(* There exist a financial system $S$ with payment priorities and a bank $v$ such that: $S$ has exactly one solution $r$; and for some system $S'$ obtained from $S$ by changing the priorities of (some of) the contracts whose debtor is $v$ (everything else unchanged), $S'$ has exactly one solution $r'$ and $r'_v>r_v$.
   Context: A financial system with payment priorities consists of: a finite set $V$ of banks; external assets $e_v\ge 0$ for each $v\in V$; a number $P\ge 1$ of priority levels; and a finite set of contracts, each of which is either a debt contract from a debtor $u$ to a creditor $v\neq u$ with weight $c>0$, or a credit default swap (CDS) from a debtor $u$ to a creditor $v\neq u$ in reference to a bank $w\notin\{u,v\}$ (the reference entity) with weight $c>0$. Every contract has a priority in $\{1,\dots,P\}$ (1 is the highest priority). It is assumed that every bank that is the reference entity of some CDS is the debtor of at least one debt contract of positive weight. Given a recovery rate vector $r\in[0,1]^V$: the liability of a contract $k$ is $l_k(r)=c$ if $k$ is a debt of weight $c$, and $l_k(r)=c\,(1-r_w)$ if $k$ is a CDS of weight $c$ in reference to $w$. For a bank $v$, $l_v(r)$ is the sum of the liabilities of the contracts with debtor $v$; $l_v^{(\rho)}(r)$ is the sum of the liabilities of contracts with debtor $v$ and priority $\rho$; and $l_v^{(\le\rho)}(r)=\sum_{i=1}^{\rho}l_v^{(i)}(r)$ (with $l_v^{(\le 0)}=0$). The payment on a contract $k$ with debtor $v$ and priority $\rho$ is $p_k(r)=l_k(r)\cdot\min\{1,\max\{0,(r_v l_v(r)-l_v^{(\le\rho-1)}(r))/l_v^{(\rho)}(r)\}\}$ (and $p_k(r)=0$ if $l_v^{(\rho)}(r)=0$). The assets of $v$ are $a_v(r)=e_v+\sum_k p_k(r)$, summing over contracts $k$ with creditor $v$. A vector $r\in[0,1]^V$ is a solution (clearing vector) if for every $v\in V$: $r_v=1$ when $a_v(r)\ge l_v(r)$, and $r_v=a_v(r)/l_v(r)$ when $a_v(r)<l_v(r)$. The payoff of $v$ is $q_v(r)=\max\{a_v(r)-l_v(r),0\}$. When $P=1$, payments reduce to $p_k(r)=r_v\,l_k(r)$ (principle of proportionality); this is called the base model. *)

From Stdlib Require Import Reals Lra List.
Import ListNotations.
Open Scope R_scope.

(* Banks are the natural numbers 0 .. nbanks-1. *)
Record contract := mkContract {
  debtor : nat;
  creditor : nat;
  weight : R;
  reference : option nat;  (* None = debt contract; Some w = CDS in reference to w *)
  prio : nat               (* priority, 1 = highest *)
}.

Record fsystem := mkSystem {
  nbanks : nat;
  ext : nat -> R;           (* external assets *)
  nprio : nat;
  contracts : list contract
}.

Definition sumR (l : list R) : R := fold_right Rplus 0 l.

Definition wf_contract (S : fsystem) (k : contract) : Prop :=
  (debtor k < nbanks S)%nat /\ (creditor k < nbanks S)%nat /\
  debtor k <> creditor k /\ 0 < weight k /\
  (1 <= prio k <= nprio S)%nat /\
  match reference k with
  | None => True
  | Some w => (w < nbanks S)%nat /\ w <> debtor k /\ w <> creditor k /\
      exists k', In k' (contracts S) /\ debtor k' = w /\
                 reference k' = None /\ 0 < weight k'
  end.

Definition wf_system (S : fsystem) : Prop :=
  (1 <= nprio S)%nat /\
  (forall v, (v < nbanks S)%nat -> 0 <= ext S v) /\
  Forall (wf_contract S) (contracts S).

Definition liab (r : nat -> R) (k : contract) : R :=
  match reference k with
  | None => weight k
  | Some w => weight k * (1 - r w)
  end.

Definition liab_bank (S : fsystem) (r : nat -> R) (v : nat) : R :=
  sumR (map (liab r) (filter (fun k => Nat.eqb (debtor k) v) (contracts S))).

Definition liab_prio (S : fsystem) (r : nat -> R) (v rho : nat) : R :=
  sumR (map (liab r)
    (filter (fun k => andb (Nat.eqb (debtor k) v) (Nat.eqb (prio k) rho)) (contracts S))).

(* l_v^{(<= rho)}(r) = sum_{i=1}^{rho} l_v^{(i)}(r); equals 0 for rho = 0 *)
Definition liab_le (S : fsystem) (r : nat -> R) (v rho : nat) : R :=
  sumR (map (fun i => liab_prio S r v (Datatypes.S i)) (seq 0 rho)).

Definition payment (S : fsystem) (r : nat -> R) (k : contract) : R :=
  let v := debtor k in
  let rho := prio k in
  let lp := liab_prio S r v rho in
  if Req_EM_T lp 0 then 0
  else liab r k *
       Rmin 1 (Rmax 0 ((r v * liab_bank S r v - liab_le S r v (rho - 1)) / lp)).

Definition assets (S : fsystem) (r : nat -> R) (v : nat) : R :=
  ext S v + sumR (map (payment S r)
                   (filter (fun k => Nat.eqb (creditor k) v) (contracts S))).

(* r is a solution (clearing vector); only entries at banks matter *)
Definition is_solution (S : fsystem) (r : nat -> R) : Prop :=
  forall v, (v < nbanks S)%nat ->
    0 <= r v <= 1 /\
    (assets S r v >= liab_bank S r v -> r v = 1) /\
    (assets S r v < liab_bank S r v -> r v = assets S r v / liab_bank S r v).

(* r is the unique solution of S (uniqueness up to the values at the banks) *)
Definition unique_solution (S : fsystem) (r : nat -> R) : Prop :=
  is_solution S r /\
  forall r', is_solution S r' -> forall u, (u < nbanks S)%nat -> r' u = r u.

Definition same_except_prio (v : nat) (k k' : contract) : Prop :=
  debtor k' = debtor k /\ creditor k' = creditor k /\ weight k' = weight k /\
  reference k' = reference k /\ (prio k' <> prio k -> debtor k = v).

Definition reprioritized (S S' : fsystem) (v : nat) : Prop :=
  nbanks S' = nbanks S /\ ext S' = ext S /\ nprio S' = nprio S /\
  Forall2 (same_except_prio v) (contracts S) (contracts S').

(* Bank 0, with external assets 1, owes 1 to bank 1 and 1 to bank 2; bank 1 owes 1 back
   to bank 0 and 1 to bank 2; bank 2 owes nothing.  If bank 0 pays bank 2 first, bank 1
   receives max(0, 2 r_0 - 1), and r_0 = (1 + r_1)/2, r_1 = max(0, 2 r_0 - 1)/2 force
   r_1 = max(0, r_1)/2, i.e. r_1 = 0 and r_0 = 1/2.  If bank 0 pays bank 1 first, part of
   that money flows back to bank 0 through bank 1's debt: now r_1 = min(1, 2 r_0)/2, whose
   only joint solution is r_0 = 3/4, r_1 = 1/2. *)

From Stdlib Require Import Reals List Lra Lia.
Import ListNotations.
Open Scope R_scope.

Definition clears (a l x : R) : Prop :=
  0 <= x <= 1 /\ (a >= l -> x = 1) /\ (a < l -> x = a / l).

Lemma clears_pos (a l x : R) : 0 < l -> 0 <= a <= l -> clears a l x <-> x = a / l.
Proof.
  intros Hl Ha.
  assert (Hy : a = a / l * l) by (field; lra).
  set (y := a / l) in *.
  assert (Hy01 : 0 <= y <= 1) by nra.
  unfold clears; split.
  - intros [_ [Hge Hlt]].
    destruct (Rlt_or_le a l) as [H | H]; [now apply Hlt | rewrite Hge; nra].
  - intros ->; split; [lra|split; intros; [nra|reflexivity]].
Qed.

Lemma clears_no_debt (a x : R) : 0 <= a -> clears a 0 x <-> x = 1.
Proof. unfold clears; intros Ha; split; [intros [_ [H _]]; apply H; lra | intros ->; lra]. Qed.

Lemma sumR_nonneg (l : list R) : Forall (Rle 0) l -> 0 <= sumR l.
Proof. induction 1; unfold sumR in *; cbn; lra. Qed.

Lemma payment_debt_nonneg (S : fsystem) (r : nat -> R) (k : contract) :
  reference k = None -> 0 <= weight k -> 0 <= payment S r k.
Proof.
  intros Hdebt Hw; unfold payment, liab; rewrite Hdebt.
  destruct Req_EM_T; [lra|].
  apply Rmult_le_pos; [exact Hw|].
  unfold Rmin, Rmax; repeat destruct Rle_dec; lra.
Qed.

Lemma assets_nonneg (S : fsystem) (r : nat -> R) (v : nat) :
  0 <= ext S v ->
  Forall (fun k => reference k = None /\ 0 <= weight k) (contracts S) ->
  0 <= assets S r v.
Proof.
  intros He Hdebt; unfold assets.
  enough (0 <= sumR (map (payment S r) (filter (fun k => Nat.eqb (creditor k) v) (contracts S))))
    by lra.
  apply sumR_nonneg, Forall_map, Forall_forall; intros k Hk.
  apply filter_In in Hk as [Hk _].
  rewrite Forall_forall in Hdebt; destruct (Hdebt k Hk).
  now apply payment_debt_nonneg.
Qed.

Lemma is_solution_iff_clears (S : fsystem) (r : nat -> R) :
  is_solution S r <->
  forall v, (v < nbanks S)%nat -> clears (assets S r v) (liab_bank S r v) (r v).
Proof. reflexivity. Qed.

Lemma unique_solution_of_iff (S : fsystem) (r : nat -> R) :
  (forall r', is_solution S r' <-> forall u, (u < nbanks S)%nat -> r' u = r u) ->
  unique_solution S r.
Proof. intros H; split; [now apply H|]; intros r'; apply H. Qed.

Lemma forall_lt3_iff (P : nat -> Prop) :
  (forall u, (u < 3)%nat -> P u) <-> P 0%nat /\ P 1%nat /\ P 2%nat.
Proof.
  split; [intros H; repeat split; apply H; lia|].
  intros (H0 & H1 & H2) [|[|[|u]]] Hu; auto; lia.
Qed.

Definition endowment (v : nat) : R := match v with O => 1 | _ => 0 end.

Definition chain (p q : nat) : fsystem := mkSystem 3 endowment 2
  [mkContract 0 1 1 None p; mkContract 0 2 1 None q;
   mkContract 1 0 1 None 1; mkContract 1 2 1 None 1].

Lemma chain_wf (p q : nat) :
  (1 <= p <= 2)%nat -> (1 <= q <= 2)%nat -> wf_system (chain p q).
Proof.
  intros Hp Hq; split; [cbn; lia|split].
  - intros [|v] _; cbn; lra.
  - repeat apply Forall_cons; try apply Forall_nil; repeat split; cbn; lia || lra.
Qed.

Lemma chain_reprioritized : reprioritized (chain 2 1) (chain 1 2) 0.
Proof. repeat constructor; cbn; lia. Qed.

Lemma chain_liab_bank (p q : nat) (r : nat -> R) (v : nat) :
  liab_bank (chain p q) r v = if (v <? 2)%nat then 2 else 0.
Proof. destruct v as [|[|v]]; cbn; lra. Qed.

Ltac chain_payments :=
  unfold assets, payment, liab_prio, liab_bank, liab_le, liab; cbn -[Rmin Rmax];
  repeat (destruct Req_EM_T; [lra|]);
  unfold Rmin, Rmax; repeat destruct Rle_dec; lra.

Lemma chain_assets0 (p q : nat) (r : nat -> R) :
  0 <= r 1%nat <= 1 -> assets (chain p q) r 0 = 1 + r 1%nat.
Proof. intros; chain_payments. Qed.

Lemma chain21_assets1 (r : nat -> R) :
  0 <= r 0%nat <= 1 -> assets (chain 2 1) r 1 = Rmax 0 (2 * r 0%nat - 1).
Proof. intros; chain_payments. Qed.

Lemma chain12_assets1 (r : nat -> R) :
  0 <= r 0%nat <= 1 -> assets (chain 1 2) r 1 = Rmin 1 (2 * r 0%nat).
Proof. intros; chain_payments. Qed.

Lemma chain_clears0 (p q : nat) (r : nat -> R) :
  0 <= r 1%nat <= 1 ->
  clears (assets (chain p q) r 0) (liab_bank (chain p q) r 0) (r 0%nat) <->
  r 0%nat = (1 + r 1%nat) / 2.
Proof. intros; rewrite chain_assets0, chain_liab_bank by lra; apply clears_pos; cbn; lra. Qed.

Lemma chain_clears2 (p q : nat) (r : nat -> R) :
  clears (assets (chain p q) r 2) (liab_bank (chain p q) r 2) (r 2%nat) <-> r 2%nat = 1.
Proof.
  rewrite chain_liab_bank; apply clears_no_debt, assets_nonneg; [cbn; lra|].
  repeat constructor; cbn; lra.
Qed.

Lemma chain21_clears1 (r : nat -> R) :
  0 <= r 0%nat <= 1 ->
  clears (assets (chain 2 1) r 1) (liab_bank (chain 2 1) r 1) (r 1%nat) <->
  r 1%nat = Rmax 0 (2 * r 0%nat - 1) / 2.
Proof.
  intros; rewrite chain21_assets1, chain_liab_bank by lra; apply clears_pos; [lra|].
  unfold Rmax; destruct Rle_dec; lra.
Qed.

Lemma chain12_clears1 (r : nat -> R) :
  0 <= r 0%nat <= 1 ->
  clears (assets (chain 1 2) r 1) (liab_bank (chain 1 2) r 1) (r 1%nat) <->
  r 1%nat = Rmin 1 (2 * r 0%nat) / 2.
Proof.
  intros; rewrite chain12_assets1, chain_liab_bank by lra; apply clears_pos; [lra|].
  unfold Rmin; destruct Rle_dec; lra.
Qed.

Lemma chain21_is_solution_iff (r : nat -> R) :
  is_solution (chain 2 1) r <-> r 0%nat = 1/2 /\ r 1%nat = 0 /\ r 2%nat = 1.
Proof.
  rewrite is_solution_iff_clears, forall_lt3_iff; split.
  - intros (H0 & H1 & H2).
    pose proof (proj1 H0); pose proof (proj1 H1).
    rewrite chain_clears0 in H0 by lra; rewrite chain21_clears1 in H1 by lra;
      rewrite chain_clears2 in H2.
    unfold Rmax in H1; destruct Rle_dec; lra.
  - intros (E0 & E1 & E2).
    rewrite chain_clears0, chain21_clears1, chain_clears2 by lra.
    rewrite E0, E1, E2; unfold Rmax; destruct Rle_dec; lra.
Qed.

Lemma chain12_is_solution_iff (r : nat -> R) :
  is_solution (chain 1 2) r <-> r 0%nat = 3/4 /\ r 1%nat = 1/2 /\ r 2%nat = 1.
Proof.
  rewrite is_solution_iff_clears, forall_lt3_iff; split.
  - intros (H0 & H1 & H2).
    pose proof (proj1 H0); pose proof (proj1 H1).
    rewrite chain_clears0 in H0 by lra; rewrite chain12_clears1 in H1 by lra;
      rewrite chain_clears2 in H2.
    unfold Rmin in H1; destruct Rle_dec; lra.
  - intros (E0 & E1 & E2).
    rewrite chain_clears0, chain12_clears1, chain_clears2 by lra.
    rewrite E0, E1, E2; unfold Rmin; destruct Rle_dec; lra.
Qed.

Definition clearing_before (v : nat) : R :=
  match v with O => 1/2 | 1%nat => 0 | _ => 1 end.

Definition clearing_after (v : nat) : R :=
  match v with O => 3/4 | 1%nat => 1/2 | _ => 1 end.

Theorem mainTheorem8 :
  exists (S : fsystem) (v : nat),
    wf_system S /\ (v < nbanks S)%nat /\
    exists r : nat -> R, unique_solution S r /\
    exists S' : fsystem, wf_system S' /\ reprioritized S S' v /\
    exists r' : nat -> R, unique_solution S' r' /\ r' v > r v.
Proof.
  exists (chain 2 1), 0%nat.
  split; [apply chain_wf; lia|split; [cbn; lia|]].
  exists clearing_before; split.
  { apply unique_solution_of_iff; intros r.
    rewrite chain21_is_solution_iff, forall_lt3_iff; reflexivity. }
  exists (chain 1 2).
  split; [apply chain_wf; lia|split; [exact chain_reprioritized|]].
  exists clearing_after; split.
  { apply unique_solution_of_iff; intros r.
    rewrite chain12_is_solution_iff, forall_lt3_iff; reflexivity. }
  cbn; lra.
Qed.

- REQUIRED WORK: What you give back should be only the lines of the records above, starting at the line with "Record fsystem := mkSystem" and ending at the line with "(1 <= nprio S)%nat /\", restated word for word.

- WRITTEN RESPONSE:
Record fsystem := mkSystem {
  nbanks : nat;
  ext : nat -> R;           (* external assets *)
  nprio : nat;
  contracts : list contract
}.

Definition sumR (l : list R) : R := fold_right Rplus 0 l.

Definition wf_contract (S : fsystem) (k : contract) : Prop :=
  (debtor k < nbanks S)%nat /\ (creditor k < nbanks S)%nat /\
  debtor k <> creditor k /\ 0 < weight k /\
  (1 <= prio k <= nprio S)%nat /\
  match reference k with
  | None => True
  | Some w => (w < nbanks S)%nat /\ w <> debtor k /\ w <> creditor k /\
      exists k', In k' (contracts S) /\ debtor k' = w /\
                 reference k' = None /\ 0 < weight k'
  end.

Definition wf_system (S : fsystem) : Prop :=
  (1 <= nprio S)%nat /\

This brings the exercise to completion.